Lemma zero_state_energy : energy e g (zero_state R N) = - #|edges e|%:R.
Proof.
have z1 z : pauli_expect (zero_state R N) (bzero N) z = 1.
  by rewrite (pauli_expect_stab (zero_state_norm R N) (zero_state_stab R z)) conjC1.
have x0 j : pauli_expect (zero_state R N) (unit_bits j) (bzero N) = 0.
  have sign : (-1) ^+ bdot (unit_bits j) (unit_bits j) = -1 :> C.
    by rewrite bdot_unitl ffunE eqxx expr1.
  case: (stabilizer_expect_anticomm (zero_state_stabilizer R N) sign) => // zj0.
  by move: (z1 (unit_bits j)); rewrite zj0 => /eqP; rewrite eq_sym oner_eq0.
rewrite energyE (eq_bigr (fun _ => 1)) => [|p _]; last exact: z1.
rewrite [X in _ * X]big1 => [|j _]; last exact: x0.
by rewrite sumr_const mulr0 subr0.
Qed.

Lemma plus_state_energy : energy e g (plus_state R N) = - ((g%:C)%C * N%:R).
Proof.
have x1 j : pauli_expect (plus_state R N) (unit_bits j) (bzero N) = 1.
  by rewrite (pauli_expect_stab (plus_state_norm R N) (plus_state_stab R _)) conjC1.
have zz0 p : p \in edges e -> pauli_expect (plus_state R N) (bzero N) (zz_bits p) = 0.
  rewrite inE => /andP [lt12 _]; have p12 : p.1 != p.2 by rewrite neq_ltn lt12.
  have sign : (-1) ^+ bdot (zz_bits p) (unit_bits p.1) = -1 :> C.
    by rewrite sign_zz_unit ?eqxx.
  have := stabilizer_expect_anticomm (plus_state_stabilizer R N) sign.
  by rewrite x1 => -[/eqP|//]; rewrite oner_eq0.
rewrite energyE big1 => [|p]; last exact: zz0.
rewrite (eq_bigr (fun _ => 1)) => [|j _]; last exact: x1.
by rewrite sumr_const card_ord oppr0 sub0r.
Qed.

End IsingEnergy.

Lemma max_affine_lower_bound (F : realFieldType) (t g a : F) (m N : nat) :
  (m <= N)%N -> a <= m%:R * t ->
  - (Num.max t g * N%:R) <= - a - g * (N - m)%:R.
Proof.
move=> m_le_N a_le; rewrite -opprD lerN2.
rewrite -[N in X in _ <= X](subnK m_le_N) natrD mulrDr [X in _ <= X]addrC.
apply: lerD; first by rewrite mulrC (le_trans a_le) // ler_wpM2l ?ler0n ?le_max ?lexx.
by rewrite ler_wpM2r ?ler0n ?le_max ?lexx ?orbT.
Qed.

######

* Work item *
In the entries above, the lines from the one bearing "case: (stabilizer_expect_anticomm (zero_state_stabilizer" up to and including the one bearing "rewrite [X in" should be transcribed exactly; no other line is wanted.

* Task answer *
  case: (stabilizer_expect_anticomm (zero_state_stabilizer R N) sign) => // zj0.
  by move: (z1 (unit_bits j)); rewrite zj0 => /eqP; rewrite eq_sym oner_eq0.
rewrite energyE (eq_bigr (fun _ => 1)) => [|p _]; last exact: z1.
rewrite [X in _ * X]big1 => [|j _]; last exact: x0.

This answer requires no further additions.